Комсомольцы, впрочем, и не ждали вовсе, когда им что-нибудь станут поручать. Чего тут ждать? Разве они сами не знают, что нужно делать? Знают, конечно. Не маленькие. Потом, раз они комсомольцы, значит, отвечают за всех и за всё, прежде всего за малышей.

Теперь за каждой семиклассницей (а их в школе было четырнадцать) закрепили по младшему классу. Если начинался обстрел или бомбежка, семиклассницы мчались к своим подшефным. Они помогали учителям одеть их, отводили ребят в убежище, разводили по отсекам, и урок продолжался.

…В то утро звонок на урок не прозвучал еще. Но в классах было теплее, чем в коридоре. Все разошлись по классам. Только разошлись, послышался характерный свист снаряда. Семиклассницы насторожились. Кто-то сказал нерешительно: «Наши, кажется. С кораблей». Кто-то возразил: «Не наши. Нет». А кто-то уже распоряжался: «Выводите ребят скорее. Слышите, по соседству начали рваться…»

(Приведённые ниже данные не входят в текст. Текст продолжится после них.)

Lemma minimizer_first_order xs y z v u : X xs -> Y y -> X u ->
  (forall x, X x -> Ffun f r1 r2 xs y z v <= Ffun f r1 r2 x y z v) ->
  0 <= dotp (gradxF gx r1 xs y z v) (u - xs).
Proof.
move=> Xxs Yy Xu xs_min; set h := u - xs.
rewrite /gradxF dotpDl dotpZl.
apply: (@linear_coef_ge0 _ _ ((Lx + r1) / 2 * enorm h ^+ 2)) => l /andP[l_gt0 l_le1].
have Xl : X (xs + l *: h) by apply: convex_set_segment; rewrite ?(ltW l_gt0).
have := xs_min _ Xl; have := descent_x _ _ _ Xxs Xl Yy; rewrite /Ffun.
have -> : xs + l *: h - xs = l *: h by rewrite addrAC subrr add0r.
have -> : xs + l *: h - z = (xs - z) + l *: h by rewrite addrAC.
rewrite (sqr_enormD (xs - z)) !dotpZr sqr_enormZ ler_norml => /andP[_].
nra.
Qed.

Lemma minimizer_quadratic_growth xs y z v u : X xs -> Y y -> X u ->
  (forall x, X x -> Ffun f r1 r2 xs y z v <= Ffun f r1 r2 x y z v) ->
  (r1 - Lx) / 2 * enorm (u - xs) ^+ 2 <= Ffun f r1 r2 u y z v - Ffun f r1 r2 xs y z v.
Proof.
move=> Xxs Yy Xu xs_min.
have := minimizer_first_order _ _ _ _ _ Xxs Yy Xu xs_min.
have := descent_x _ _ _ Xxs Xu Yy; rewrite ler_norml => /andP[f_lb _].
rewrite /Ffun /gradxF dotpDl dotpZl.
have -> : u - z = (xs - z) + (u - xs) by rewrite addrAC addrCA subrr addr0.
rewrite (sqr_enormD (xs - z)); lra.
Qed.

Hypothesis xstar_min : forall y z v, X (xstar y z v) /\
  forall x, X x -> Ffun f r1 r2 (xstar y z v) y z v <= Ffun f r1 r2 x y z v.

Local Notation dual y z v := (Ffun f r1 r2 (xstar y z v) y z v).

Lemma dual_shift_v y z v v' :
  r2 / 2 * (enorm (y - v) ^+ 2 - enorm (y - v') ^+ 2) <= dual y z v' - dual y z v.
Proof.
have [Xx' _] := xstar_min y z v'; have [_ x_min] := xstar_min y z v.
by have := x_min _ Xx'; rewrite /Ffun; lra.
Qed.

Lemma dual_shift_z y z z' v :
  r1 / 2 * dotp (z' + z - 2%:R *: xstar y z' v) (z' - z) <= dual y z' v - dual y z v.
Proof.
have [Xx' _] := xstar_min y z' v; have [_ x_min] := xstar_min y z v.
by have := x_min _ Xx'; rewrite /Ffun -sqr_enormB_sub; lra.
Qed.

Lemma dual_ascent_y y y' z v : Lx < r1 -> Y y -> Y y' ->
  dotp (gradyF gy r2 (xstar y z v) y z v) (y' - y)
    - (Ly ^+ 2 / (r1 - Lx) + Ly + r2) / 2 * enorm (y' - y) ^+ 2
  <= dual y' z v - dual y z v.
Proof.
move=> r1_gt_Lx Yy Yy'.
have [Xx x_min] := xstar_min y z v; have [Xx' _] := xstar_min y' z v.
set x := xstar y z v; set x' := xstar y' z v.
have growth := minimizer_quadratic_growth _ _ _ _ _ Xx Yy Xx' x_min.
have := descent_y _ _ _ Xx' Yy Yy'; rewrite ler_norml => /andP[f_y _].
have cross : - (Ly * enorm (x' - x) * enorm (y' - y)) <= dotp (gy x' y - gy x y) (y' - y).
  have := cauchy_schwarz (gy x' y - gy x y) (y' - y); rewrite ler_norml => /andP[+ _].
  apply: le_trans; rewrite lerN2 ler_wpM2r ?enorm_ge0 //.
  by have := gy_lipschitz _ _ _ _ Xx' Xx Yy Yy; rewrite subrr enorm0 addr0.
have gap_gt0 : 0 < r1 - Lx by rewrite subr_gt0.
have := @young_sqr _ _ Ly (enorm (x' - x)) (enorm (y' - y)) gap_gt0.
move: growth cross; rewrite /Ffun /gradyF !dotpBl dotpZl.
have -> : y' - v = (y - v) + (y' - y) by rewrite [RHS]addrC [RHS]addrA subrK.
rewrite (sqr_enormD (y - v)).
have -> : Ly ^+ 2 / (2 * (r1 - Lx)) = Ly ^+ 2 / (r1 - Lx) / 2 by field; lra.
lra.
Qed.

End SmoothMinimax.
(* Let $p$ be a prime, $t\ge r(p)=:r$, and let $f_2,f_3\in\{0,1\}$ satisfy $w_2(p^t)\le f_2$ and $w_3(p^t)\le f_3$. Let $c,d\in\mathbb{Z}$. (i) If $p^{t-r+2}\nmid c$ and $p^{t-r+2}\nmid d$, then $E_{f_2,f_3}(c,d;p^t)\ne0$ implies $(c,p^t)=p^s=(d,p^t)$ for some $s$, and in this case $E_{f_2,f_3}(c,d;p^t)=p^sE_{f_2,f_3}(c/p^s,d/p^s;p^{t-s})$. (ii) If $p^{t-r+2}\mid c$ or $p^{t-r+2}\mid d$, then $E_{f_2,f_3}(c,d;p^t)\ne0$ implies $p^{t-r+1}\mid \gcd(c,d)$, and in this case $E_{f_2,f_3}(c,d;p^t)=p^{t-r+1}E_{f_2,f_3}\big(c/p^{t-r+1},d/p^{t-r+1};p^{r-1}\big)$.
   Context: For $c,d\in\mathbb{Z}$, $q\in\mathbb{N}$: $E(c,d;q)=\sum^*_{z\bmod q}e\big(\frac{cz^3-dz^2}{q}\big)$ (sum over $z$ coprime to $q$, $e(x)=\exp(2\pi ix)$), and $E_{f_2,f_3}(c,d;q)=E(2^{f_2}c,3^{f_3}d;q)$. Also $w_2(q)=1$ if $4\mid q$ and $0$ otherwise; $w_3(q)=1$ if $9\mid q$ and $0$ otherwise. $r(2)=6$, $r(3)=5$, and $r(p)=2$ for primes $p>3$. *)

From Stdlib Require Import Reals ZArith Znumtheory List.
Open Scope R_scope.

(* a complex number x + i y is the pair (x, y) *)
Definition Cnum := (R * R)%type.
Definition C0 : Cnum := (0, 0).
Definition Cadd (u v : Cnum) : Cnum := (fst u + fst v, snd u + snd v).
Definition Cscale (a : R) (u : Cnum) : Cnum := (a * fst u, a * snd u).

(* e(a/q) = exp(2 pi i a / q) *)
Definition e_frac (a q : Z) : Cnum :=
  (cos (2 * PI * IZR a / IZR q), sin (2 * PI * IZR a / IZR q)).

Definition E (c d q : Z) : Cnum :=
  fold_right Cadd C0
    (map (fun n : nat => let z := Z.of_nat n in
            if Z.eqb (Z.gcd z q) 1
            then e_frac (c * z ^ 3 - d * z ^ 2) q else C0)
         (seq 0 (Z.to_nat q))).

Definition Ef (f2 f3 c d q : Z) : Cnum := E (2 ^ f2 * c) (3 ^ f3 * d) q.

Definition w2 (q : Z) : Z := if Z.eqb (q mod 4) 0 then 1 else 0.
Definition w3 (q : Z) : Z := if Z.eqb (q mod 9) 0 then 1 else 0.

Definition rp (p : Z) : Z := if Z.eqb p 2 then 6 else if Z.eqb p 3 then 5 else 2.

From Stdlib Require Import Reals ZArith Znumtheory Zpow_facts List Lia Lra.
Open Scope R_scope.

(* If [p^k] divides [c] and [d], the phase is periodic modulo [p^(t-k)] after dividing out
   [p^k], so [E] collapses to [p^k] copies of the sum modulo [p^(t-k)].  Suppose instead that
   exactly one of [c], [d] is divisible by [p] and [t >= r(p)].  Write [3 C = p^e a] and
   [2 D = p^e b] for [C = 2^f2 c], [D = 3^f3 d], with [e = 1] for [p = 2, 3] and [e = 0]
   otherwise; exactly one of [a], [b] is divisible by [p].  Shifting a unit [u] by [p^(t-1-e) y]
   changes the phase by [y u (a u - b) / p] modulo [1], with [u (a u - b)] prime to [p], so the
   sum over [y] is a complete geometric sum of a nontrivial [p]-th root of unity and [E]
   vanishes.  Applied after the collapse, this shows that a nonzero sum forces
   [p^k | c <-> p^k | d] for all [k <= t - r + 1], from which both parts follow. *)

Definition Cmul (u v : Cnum) : Cnum :=
  (fst u * fst v - snd u * snd v, fst u * snd v + snd u * fst v).

Definition Ssum (f : nat -> Cnum) (n : nat) : Cnum :=
  fold_right Cadd C0 (map f (seq 0 n)).

Ltac Cring := unfold Cadd, Cscale, Cmul, C0; apply injective_projections; simpl; ring.

Lemma fold_right_Cadd_app (l1 l2 : list Cnum) :
  fold_right Cadd C0 (l1 ++ l2) = Cadd (fold_right Cadd C0 l1) (fold_right Cadd C0 l2).
Proof.
  induction l1 as [|a l IH]; simpl.
  - destruct (fold_right Cadd C0 l2); Cring.
  - rewrite IH. destruct a, (fold_right Cadd C0 l), (fold_right Cadd C0 l2). Cring.
Qed.

Lemma Ssum_S f n : Ssum f (S n) = Cadd (Ssum f n) (f n).
Proof.
  unfold Ssum. rewrite seq_S, map_app, fold_right_Cadd_app. simpl.
  destruct (f n), (fold_right Cadd C0 (map f (seq 0 n))). Cring.
Qed.

Lemma Ssum_ext f g n : (forall k, (k < n)%nat -> f k = g k) -> Ssum f n = Ssum g n.
Proof.
  induction n as [|n IH]; intros H; auto.
  rewrite !Ssum_S, IH by (intros; apply H; lia). now rewrite H by lia.
Qed.

Lemma Ssum_zero f n : (forall k, (k < n)%nat -> f k = C0) -> Ssum f n = C0.
Proof.
  induction n as [|n IH]; intros H; auto.
  rewrite Ssum_S, IH by (intros; apply H; lia). rewrite H by lia. Cring.
Qed.

Lemma Ssum_add f g n : Ssum (fun k => Cadd (f k) (g k)) n = Cadd (Ssum f n) (Ssum g n).
Proof.
  induction n as [|n IH]. { Cring. }
  rewrite !Ssum_S, IH. destruct (Ssum f n), (Ssum g n), (f n), (g n). Cring.
Qed.

Lemma Ssum_const v n : Ssum (fun _ => v) n = Cscale (INR n) v.
Proof.
  induction n as [|n IH]. { destruct v; Cring. }
  rewrite Ssum_S, IH, S_INR. destruct v; Cring.
Qed.

Lemma Ssum_mul_l w f n : Ssum (fun k => Cmul w (f k)) n = Cmul w (Ssum f n).
Proof.
  induction n as [|n IH]. { destruct w; Cring. }
  rewrite !Ssum_S, IH. destruct w, (Ssum f n), (f n). Cring.
Qed.

Lemma Ssum_swap (F : nat -> nat -> Cnum) n m :
  Ssum (fun i => Ssum (fun j => F i j) m) n = Ssum (fun j => Ssum (fun i => F i j) n) m.
Proof.
  induction n as [|n IH].
  - symmetry. apply Ssum_zero. reflexivity.
  - rewrite Ssum_S, IH, <- Ssum_add. apply Ssum_ext. intros. now rewrite Ssum_S.
Qed.

Lemma Ssum_split f a b : Ssum f (a + b) = Cadd (Ssum f a) (Ssum (fun i => f (a + i)%nat) b).
Proof.
  induction b as [|b IH]. { rewrite Nat.add_0_r. destruct (Ssum f a); Cring. }
  rewrite Nat.add_succ_r, !Ssum_S, IH.
  destruct (Ssum f a), (Ssum (fun i => f (a + i)%nat) b), (f (a + b)%nat). Cring.
Qed.

Lemma Ssum_block f n m :
  Ssum f (m * n) = Ssum (fun j => Ssum (fun i => f (j * n + i)%nat) n) m.
Proof.
  induction m as [|m IH]. { reflexivity. }
  rewrite Ssum_S, <- IH. replace (S m * n)%nat with (m * n + n)%nat by lia.
  apply Ssum_split.
Qed.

Семиклассницы разбежались по объектам. Умчалась и Галя. Быстро помогла отвести вниз своих подопечных. Только стала их рассаживать, вспомнила: одной комсомолки, шефа 1-го класса, не было в школе сегодня. А учительница? Пришла учительница? Не задержал ее обстрел? Кинулась снова наверх. Обмерла от ужаса. Самые маленькие, первоклашки, чинно сидели за партами, а снаряды, теперь уже всем ясно — не с кораблей, не наши, — ложились все ближе. Она крикнула еще с порога:

— Живо бегите вниз…

В один миг все были на лестнице. Но только спустились на один пролет, послышался грохот, зазвенели стекла, полетела штукатурка, вдребезги разбилось на лестничной площадке большое стенное зеркало. А там, откуда Галя только что вывела малышей, зияла дыра… Первоклашки за Галиной спиной сбились в кучу, а она, широко раскинув руки, будто всех их могла заслонить собой от осколков, замерла на мгновение. Потом, в короткий промежуток между двумя разрывами, вместе с подоспевшим директором школы свела их бегом в убежище и, обессиленная, прислонилась к стене…

420 снарядов выпустили фашисты в тот день по одному только Невскому району. Не по военным объектам района. Нет! Они целились в трамвайные остановки, в жилые дома, в детские сады, госпитали, школы… И когда наутро после обстрела ребята снова собрались в своей школе, выяснилось — заниматься в ней больше нельзя. Стены здания насквозь пробиты снарядами. Оконные рамы вырваны. В классах свободно гуляет ветер…

Девочки приуныли: опять не учиться зиму. Но ребятам отдали здание госпиталя на Куракиной даче. Госпиталь, который в нем размещался, перевели поближе к центру.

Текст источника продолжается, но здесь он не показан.